I genuinely hope that most wrong actions here were made by Microsoft, as their sanity on the technical side should not be a major concern as long as OpenAI makes the calls about training and deployment of their future models. We already knew that Microsoft is far from the level of the most competent actors in the space. 


A post-mortem from OpenAI clearly explaining their role in this debacle is definitely required.

(Some people on Twitter suggest that OpenAI might have let this thing happen on purpose. I don't believe it's true, but if anyone there is thinking of such dark arts in the future: please don't. It's not dignified, and similar actions have the tendency to backfire.)

Bing Chat is not intelligent.   It doesn't really have a character.  (And whether one calls it GPT-4 or not, given the number of post-GPT changes doesn't seem very meaningful.)

But to the extent that people think that one or more of the above things are true however, it will tend to increase skepticism of AI and support for taking more care in deploying it and for regulating it, all of which seem positive. 

[-]Razied4142

Bing Chat is not intelligent

Oh come on! At some point we have to stop moving the goalposts any further. Bing Chat is absolutely intelligent, as basically all laypeople or researchers pre-2015 would tell you. We can quibble about the lack of causal understanding or whatever, but the adjective "intelligent" clearly describes it, unless you're prepared to say a significant fraction of humans are not "intelligent" at writing.

This is an interesting question on which I've gone back and forth.  I think ultimately, the inability to recognize blatant inconsistencies or to reason at all means that LLMs so far are not intelligent. (Or at least not more intelligent than a parrot.)

It's interesting that Bing Chat's intelligent seems obvious to me [and others], and its lack of intelligence seems obvious to you [and others]. I think the discrepancy might me be this:

My focus is on Bing Chat being able to perform complex feats in a diverse array of contexts. Answering the question about the married couple and writing the story about the cake are examples of complex feats. I would say any system that can give thorough answers to questions like these is intelligent (even if it's not intelligent in other ways human are know to be).

My read is that others are focusing on Bing Chat's inconsistencies. They see all the ways it fails, gets the wrong answers, becomes dis-coherent, etc.. I suspect their reasoning is "an intelligent entity would not make those mistakes" or "would not make those mistakes so often". 

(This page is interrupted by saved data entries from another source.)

(* Assume the standing assumptions (A1)–(A4) and let $\rho>0$. For every $\epsilon\ge 0$ and every $p\in\mathbb R^{n_p}$, $$|f(p)-f(p^* )|\le \epsilon\ \Longrightarrow\ |f_0(p)-f_0(p^* )|\le D_0\Bigl[\frac{2\epsilon}{\mu_0}\Bigr]^{1/2}+\frac{L_0}{2}\Bigl[\frac{2\epsilon}{\mu_0}\Bigr].$$
   Context: Let $n_p,n_c\ge 1$, let $f_0:\mathbb R^{n_p}\to\mathbb R$ and $c_i:\mathbb R^{n_p}\to\mathbb R$ ($i=1,\dots,n_c$) be continuously differentiable, and let $\{1,\dots,n_c\}=I_s\cup I_h$ be a partition into disjoint sets of soft and hard constraint indices. The original problem is $\min_{p\in\mathbb R^{n_p}} f_0(p)$ subject to $c_i(p)\le 0$ for all $i$; $f^{opt}$ denotes its optimal value and $p^{opt}$ an optimal solution (assumed to exist). For a fixed $\varepsilon_\psi>0$ let $\psi(p):=\sum_{i\in I_s}[\max\{0,c_i(p)\}]^2+\sum_{i\in I_h}[\max\{0,c_i(p)+\varepsilon_\psi\}]^2$, and for a penalty parameter $\rho>0$ let $f(p):=f_0(p)+\rho\,\psi(p)$. A differentiable function $\ell$ belongs to $\mathcal F^1_L$ if $\ell(p_2)\le \ell(p_1)+\langle \ell'(p_1),p_2-p_1\rangle+\frac L2\|p_2-p_1\|^2$ for all $p_1,p_2$, and is $\mu$-strongly convex if $\ell(p_2)\ge \ell(p_1)+\langle \ell'(p_1),p_2-p_1\rangle+\frac \mu2\|p_2-p_1\|^2$ for all $p_1,p_2$. Standing assumptions: (A1) $f_0(p)\ge 0$ for all $p$; (A2) $f_0\in\mathcal F^1_{L_0}$ and $\psi\in\mathcal F^1_{L_\psi}$ for some reals $L_0,L_\psi\ge 0$; (A3) $f_0$ is $\mu_0$-strongly convex for some $\mu_0>0$, and $\psi$ is convex; (A4) the set $\mathcal A:=\{p:\psi(p)=0\}$ is nonempty and there is $\beta>0$ with $\psi(p)\ge \beta\,[d(p,\mathcal A)]^2$ for all $p$, where $d(p,\mathcal A):=\min_{z\in\mathcal A}\|z-p\|$. Notation: $\|\cdot\|$ is the Euclidean norm; $p^*$ is the unique minimizer of $f$ over $\mathbb R^{n_p}$; $p_u$ is the unique unconstrained minimizer of $f_0$; $p_a$ is a fixed point with $\psi(p_a)=0$; $D_0:=\sup\{\|f_0'(p)\|:\ f_0(p)\le f_0(p_a)\}$; $d(p):=\|p-p^*\|$. *)

From mathcomp Require Import ssreflect ssrfun ssrbool eqtype ssrnat seq fintype bigop.
From Stdlib Require Import Reals.
Open Scope R_scope.

Definition Vec (n : nat) := 'I_n -> R.

Definition vadd {n} (x y : Vec n) : Vec n := fun i => x i + y i.
Definition vsub {n} (x y : Vec n) : Vec n := fun i => x i - y i.
Definition vscale {n} (a : R) (x : Vec n) : Vec n := fun i => a * x i.

Definition inner {n} (x y : Vec n) : R := \big[Rplus/0]_(i < n) (x i * y i).
Definition norm {n} (x : Vec n) : R := sqrt (inner x x).

Definition has_grad {n} (l : Vec n -> R) (p g : Vec n) : Prop :=
  forall eps, 0 < eps -> exists delta, 0 < delta /\
    forall h : Vec n, norm h < delta ->
      Rabs (l (vadd p h) - l p - inner g h) <= eps * norm h.

Definition C1_with {n} (l : Vec n -> R) (l' : Vec n -> Vec n) : Prop :=
  (forall p, has_grad l p (l' p)) /\
  (forall p eps, 0 < eps -> exists delta, 0 < delta /\
     forall q, norm (vsub q p) < delta -> norm (vsub (l' q) (l' p)) < eps).

Definition FL_with {n} (L : R) (l : Vec n -> R) (l' : Vec n -> Vec n) : Prop :=
  (forall p, has_grad l p (l' p)) /\
  forall p1 p2, l p2 <= l p1 + inner (l' p1) (vsub p2 p1)
                        + L / 2 * (norm (vsub p2 p1)) ^ 2.

Definition FL {n} (L : R) (l : Vec n -> R) : Prop :=
  exists l' : Vec n -> Vec n, FL_with L l l'.

Definition strongly_convex_with {n} (mu : R) (l : Vec n -> R) (l' : Vec n -> Vec n) : Prop :=
  (forall p, has_grad l p (l' p)) /\
  forall p1 p2, l p2 >= l p1 + inner (l' p1) (vsub p2 p1)
                        + mu / 2 * (norm (vsub p2 p1)) ^ 2.

Definition convex {n} (l : Vec n -> R) : Prop :=
  forall (x y : Vec n) (t : R), 0 <= t <= 1 ->
    l (vadd (vscale t x) (vscale (1 - t) y)) <= t * l x + (1 - t) * l y.

Definition psi {np nc} (c : 'I_nc -> Vec np -> R) (soft : pred 'I_nc)
  (eps_psi : R) (p : Vec np) : R :=
  \big[Rplus/0]_(i < nc | soft i) (Rmax 0 (c i p)) ^ 2
  + \big[Rplus/0]_(i < nc | ~~ soft i) (Rmax 0 (c i p + eps_psi)) ^ 2.

Definition fpen {np nc} (f0 : Vec np -> R) (rho : R) (c : 'I_nc -> Vec np -> R)
  (soft : pred 'I_nc) (eps_psi : R) (p : Vec np) : R :=
  f0 p + rho * psi c soft eps_psi p.

(* Since psi is convex, f = f0 + rho psi is mu0-strongly convex, so its minimizer
   pstar has quadratic growth: mu0/2 ||p - pstar||^2 <= f(p) - f(pstar) <= eps.
   Because psi >= 0 and psi(pa) = 0, f0(pstar) <= f(pstar) <= f(pa) = f0(pa),
   whence ||f0'(pstar)|| <= D0.  The two-sided Taylor bounds for f0 (strong
   convexity below, L0-smoothness above) and Cauchy-Schwarz then give
   |f0(p) - f0(pstar)| <= ||f0'(pstar)|| ||p - pstar|| + L0/2 ||p - pstar||^2. *)
From mathcomp Require Import ssreflect ssrfun ssrbool eqtype ssrnat seq fintype bigop.
From Stdlib Require Import Reals Lra Psatz.
Open Scope R_scope.

Lemma big_Rplus_add {I : Type} (s : seq I) (P : pred I) (F G : I -> R) :
  \big[Rplus/0]_(i <- s | P i) (F i + G i)
    = \big[Rplus/0]_(i <- s | P i) F i + \big[Rplus/0]_(i <- s | P i) G i.
Proof.
apply: (big_rec3 (fun x y z => x = y + z)) => [|i x y z _ ->]; ring.
Qed.

Lemma big_Rplus_scale {I : Type} (s : seq I) (P : pred I) (a : R) (F : I -> R) :
  \big[Rplus/0]_(i <- s | P i) (a * F i) = a * \big[Rplus/0]_(i <- s | P i) F i.
Proof. by apply: (big_rec2 (fun x y => x = a * y)) => [|i x y _ ->]; ring. Qed.

Lemma big_Rplus_ge0 {I : Type} (s : seq I) (P : pred I) (F : I -> R) :
  (forall i, 0 <= F i) -> 0 <= \big[Rplus/0]_(i <- s | P i) F i.
Proof. by move=> H; apply: big_ind => //; [lra | move=> *; lra]. Qed.

Section Inner.
Context {n : nat}.
Implicit Types x y u w : Vec n.

Lemma inner_self_ge0 x : 0 <= inner x x.
Proof. by apply: big_Rplus_ge0 => i; nra. Qed.

Lemma norm_ge0 x : 0 <= norm x.
Proof. exact: sqrt_pos. Qed.

Lemma norm_pow2 x : norm x ^ 2 = inner x x.
Proof. by rewrite /norm pow2_sqrt //; apply: inner_self_ge0. Qed.

Lemma inner_scale_r {g u w : Vec n} {a : R} :
  (forall i, u i = a * w i) -> inner g u = a * inner g w.
Proof.
move=> Hu; rewrite /inner -big_Rplus_scale.
by apply: eq_bigr => i _; rewrite Hu; ring.
Qed.

Lemma norm_pow2_scale {u w a} :
  (forall i, u i = a * w i) -> norm u ^ 2 = a ^ 2 * norm w ^ 2.
Proof.
move=> Hu; rewrite !norm_pow2 /inner -big_Rplus_scale.
by apply: eq_bigr => i _; rewrite Hu; ring.
Qed.

Lemma inner_pow2_le (g w : Vec n) : inner g w ^ 2 <= inner g g * inner w w.
Proof.
set X := inner g w; set A := inner g g; set B := inner w w.
(* the quadratic t |-> ||t g + w||^2 is nonnegative *)
have quad_ge0 t : 0 <= t ^ 2 * A + (2 * t * X + B).
  have -> : t ^ 2 * A + (2 * t * X + B) =
      \big[Rplus/0]_(i < n) ((t * g i + w i) * (t * g i + w i)).
    rewrite (eq_bigr (fun i => t ^ 2 * (g i * g i) + (2 * t * (g i * w i) + w i * w i)));
      last by move=> i _; ring.
    by rewrite !big_Rplus_add !big_Rplus_scale.
  by apply: big_Rplus_ge0 => i; apply: Rle_0_sqr.
have HA : 0 <= A by apply: inner_self_ge0.
have HB : 0 <= B by apply: inner_self_ge0.
have [A0 | Apos] := Req_dec A 0.
  have [X0 | Xn] := Req_dec X 0; first by rewrite X0 A0; nra.
  have := quad_ge0 (- (B + 1) / (2 * X)).
  rewrite A0 (_ : 2 * (- (B + 1) / (2 * X)) * X = - (B + 1)); first lra.
  by field.
have := quad_ge0 (- X / A).
rewrite (_ : (- X / A) ^ 2 * A + (2 * (- X / A) * X + B) = B - X ^ 2 / A);
  last by field.
move=> Hq; have /(Rmult_le_compat_r A _ _ HA) : X ^ 2 / A <= B by lra.
by rewrite (_ : X ^ 2 / A * A = X ^ 2); [nra | field].
Qed.

Lemma Rabs_inner_le (g w : Vec n) : Rabs (inner g w) <= norm g * norm w.
Proof.
rewrite /norm -sqrt_mult_alt; last exact: inner_self_ge0.
rewrite -sqrt_Rsqr_abs; apply: sqrt_le_1_alt.
by rewrite /Rsqr; have := inner_pow2_le g w; lra.
Qed.

End Inner.

Lemma psi_ge0 {np nc} (c : 'I_nc -> Vec np -> R) soft eps_psi p :
  0 <= psi c soft eps_psi p.
Proof.
by apply: Rplus_le_le_0_compat; apply: big_Rplus_ge0 => i; apply: pow2_ge_0.
Qed.

Lemma convex_scale {n} (h : Vec n -> R) (a : R) :
  0 <= a -> convex h -> convex (fun q => a * h q).
Proof.
move=> Ha Hh x y t Ht; have := Rmult_le_compat_l a _ _ Ha (Hh x y t Ht); lra.
Qed.

Lemma le_of_forall_scaled (a b : R) :
  0 <= b -> (forall t, 0 < t < 1 -> (1 - t) * a <= b) -> a <= b.
Proof.
move=> Hb Hab; apply: Rnot_lt_le => Hba.
have Ha : 0 < a by lra.
have := Hab ((a - b) / (2 * a)).
rewrite (_ : (1 - (a - b) / (2 * a)) * a = (a + b) / 2); last by field; lra.
suff Ht : 0 < (a - b) / (2 * a) < 1 by move/(_ Ht); lra.
split; first by apply: Rdiv_lt_0_compat; lra.
apply: (Rmult_lt_reg_r (2 * a)); first lra.
by rewrite (_ : (a - b) / (2 * a) * (2 * a) = a - b); [lra | field; lra].
Qed.

Section StronglyConvex.
Context {n : nat} {mu : R} {g : Vec n -> R} {g' : Vec n -> Vec n}.
Hypothesis g_sc : strongly_convex_with mu g g'.

Lemma strongly_convex_combination x y t :
  0 <= t <= 1 ->
  g (vadd (vscale t x) (vscale (1 - t) y)) + mu / 2 * (t * (1 - t)) * norm (vsub x y) ^ 2
    <= t * g x + (1 - t) * g y.
Proof.
move=> Ht; case: g_sc => _ Hsc.
set m := vadd (vscale t x) (vscale (1 - t) y).
have ex i : vsub x m i = (1 - t) * vsub x y i by rewrite /vsub /m /vadd /vscale; ring.
have ey i : vsub y m i = - t * vsub x y i by rewrite /vsub /m /vadd /vscale; ring.
have := Hsc m x; have := Hsc m y.
rewrite (inner_scale_r ex) (norm_pow2_scale ex).
rewrite (inner_scale_r ey) (norm_pow2_scale ey).
set G := inner (g' m) (vsub x y); set D := norm (vsub x y) ^ 2.
move=> /Rge_le Hy /Rge_le Hx.
have := Rmult_le_compat_l t _ _ (proj1 Ht) Hx.
have := Rmult_le_compat_l (1 - t) _ _ (ltac:(lra) : 0 <= 1 - t) Hy.
by move=> *; nra.
Qed.

(* The argument uses only function values of h, so no gradient of h is needed. *)
Lemma quadratic_growth_at_min (h : Vec n -> R) pstar p :
  convex h -> (forall q, g pstar + h pstar <= g q + h q) ->
  mu / 2 * norm (vsub p pstar) ^ 2 <= g p + h p - (g pstar + h pstar).
Proof.
move=> Hh Hmin; apply: le_of_forall_scaled; first by have := Hmin p; lra.
move=> t Ht; have Ht' : 0 <= t <= 1 by lra.
have Hg := strongly_convex_combination p pstar t Ht'.
have Hhm := Hh p pstar t Ht'.
have Hm := Hmin (vadd (vscale t p) (vscale (1 - t) pstar)).
apply: (Rmult_le_reg_l t); first lra.
by nra.
Qed.

Lemma Rabs_sub_le_smooth (L : R) p q :
  0 <= L -> 0 <= mu -> FL_with L g g' ->
  Rabs (g p - g q) <= norm (g' q) * norm (vsub p q) + L / 2 * norm (vsub p q) ^ 2.
Proof.
move=> HL Hmu [_ Hup]; case: g_sc => _ Hlo.
have := Hup q p; have := Hlo q p.
have Hcs := Rabs_inner_le (g' q) (vsub p q).
have := Rle_abs (inner (g' q) (vsub p q)).
have := Rle_abs (- inner (g' q) (vsub p q)); rewrite Rabs_Ropp.
have : 0 <= L / 2 * norm (vsub p q) ^ 2 by apply: Rmult_le_pos; [lra | apply: pow2_ge_0].
have : 0 <= mu / 2 * norm (vsub p q) ^ 2 by apply: Rmult_le_pos; [lra | apply: pow2_ge_0].
by move=> *; apply: Rabs_le; lra.
Qed.

End StronglyConvex.

Theorem lemma4
  (np nc : nat) (Hnp : (1 <= np)%nat) (Hnc : (1 <= nc)%nat)
  (f0 : Vec np -> R) (f0' : Vec np -> Vec np)
  (c : 'I_nc -> Vec np -> R) (c' : 'I_nc -> Vec np -> Vec np)
  (soft : pred 'I_nc) (eps_psi rho L0 Lpsi mu0 beta D0 : R)
  (pa pstar : Vec np)
  (* smoothness of the data *)
  (Hf0C1 : C1_with f0 f0')
  (HcC1 : forall i, C1_with (c i) (c' i))
  (Heps_psi : 0 < eps_psi)
  (* the original constrained problem has an optimal solution *)
  (Hopt : exists popt : Vec np, (forall i, c i popt <= 0) /\
            forall q : Vec np, (forall i, c i q <= 0) -> f0 popt <= f0 q)
  (* (A1) *)
  (HA1 : forall p, 0 <= f0 p)
  (* (A2) *)
  (HL0 : 0 <= L0) (HLpsi : 0 <= Lpsi)
  (HA2f0 : FL_with L0 f0 f0')
  (HA2psi : FL Lpsi (psi c soft eps_psi))
  (* (A3) *)
  (Hmu0 : 0 < mu0)
  (HA3f0 : strongly_convex_with mu0 f0 f0')
  (HA3psi : convex (psi c soft eps_psi))
  (* (A4): A = {psi = 0} nonempty, d(p,A) attained, psi p >= beta d(p,A)^2 *)
  (Hbeta : 0 < beta)
  (HA4 : forall p : Vec np, exists z : Vec np,
      psi c soft eps_psi z = 0 /\
      (forall z', psi c soft eps_psi z' = 0 -> norm (vsub z p) <= norm (vsub z' p)) /\
      psi c soft eps_psi p >= beta * (norm (vsub z p)) ^ 2)
  (* p_a with psi(p_a) = 0 and D0 = sup { ||f0'(p)|| : f0 p <= f0 pa } *)
  (Hpa : psi c soft eps_psi pa = 0)
  (HD0 : is_lub (fun r => exists p, f0 p <= f0 pa /\ r = norm (f0' p)) D0)
  (* penalty parameter and the minimizer p* of f *)
  (Hrho : 0 < rho)
  (Hpstar : forall q, fpen f0 rho c soft eps_psi pstar <= fpen f0 rho c soft eps_psi q) :
  forall (eps : R) (p : Vec np), 0 <= eps ->
    Rabs (fpen f0 rho c soft eps_psi p - fpen f0 rho c soft eps_psi pstar) <= eps ->
    Rabs (f0 p - f0 pstar) <= D0 * sqrt (2 * eps / mu0) + L0 / 2 * (2 * eps / mu0).
Proof.
move=> eps p Heps /(Rle_trans _ _ _ (Rle_abs _)) Hgap.
have Hpen_cvx : convex (fun q => rho * psi c soft eps_psi q).
  by apply: convex_scale; [lra | exact: HA3psi].
have Hgrowth := quadratic_growth_at_min HA3f0 _ _ p Hpen_cvx Hpstar.
have Hdist2 : norm (vsub p pstar) ^ 2 <= 2 * eps / mu0.
  apply: (Rmult_le_reg_r mu0) => //.
  rewrite (_ : 2 * eps / mu0 * mu0 = 2 * eps); last by field; lra.
  by rewrite /fpen in Hgap; lra.
have Hdist : norm (vsub p pstar) <= sqrt (2 * eps / mu0).
  by rewrite -(sqrt_pow2 _ (norm_ge0 _)); apply: sqrt_le_1_alt.
have Hgrad : norm (f0' pstar) <= D0.
  case: HD0 => Hub _; apply: Hub; exists pstar; split => //.
  have := Hpstar pa; have := psi_ge0 c soft eps_psi pstar.
  by rewrite /fpen Hpa; nra.
apply: Rle_trans (Rabs_sub_le_smooth HA3f0 L0 p pstar HL0 (Rlt_le _ _ Hmu0) HA2f0) _.
apply: Rplus_le_compat.
- by apply: Rmult_le_compat => //; apply: norm_ge0.
- by apply: Rmult_le_compat_l; lra.
Qed.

Definitions aside: Bing Chat's demonstrations of high intelligence cause me more concern about fast AI timelines than its demonstrations of low intelligence bring me comfort.

I think the issue here (about whether it is intelligent) is not so much a matter of the answers it fashions, but about whether it can be said it does so from an "I". If not, it is basically a proverbial Chinese Room, though this merely moves the goalposts to the question whether humans are not, actually, also a Chinese Room, just a more sophisticated one. I suspect that we will not be very eager to accept such a finding, indeed, we may not be capable of seeing ourselves thus, for it implies a whole raft of rather unpleasant realities (like, say, the absence of free will, or indeed any will at all) which we'd not want to be true, to put it mildly.

I've met humans who are unable to recognize blatant inconsistencies. Not quite to the same extent as Bing Chat, but still. Also, I'm pretty sure monkeys are unable to recognize blatant inconsistencies, and monkeys are intelligent.

What makes monkeys intelligent in your view?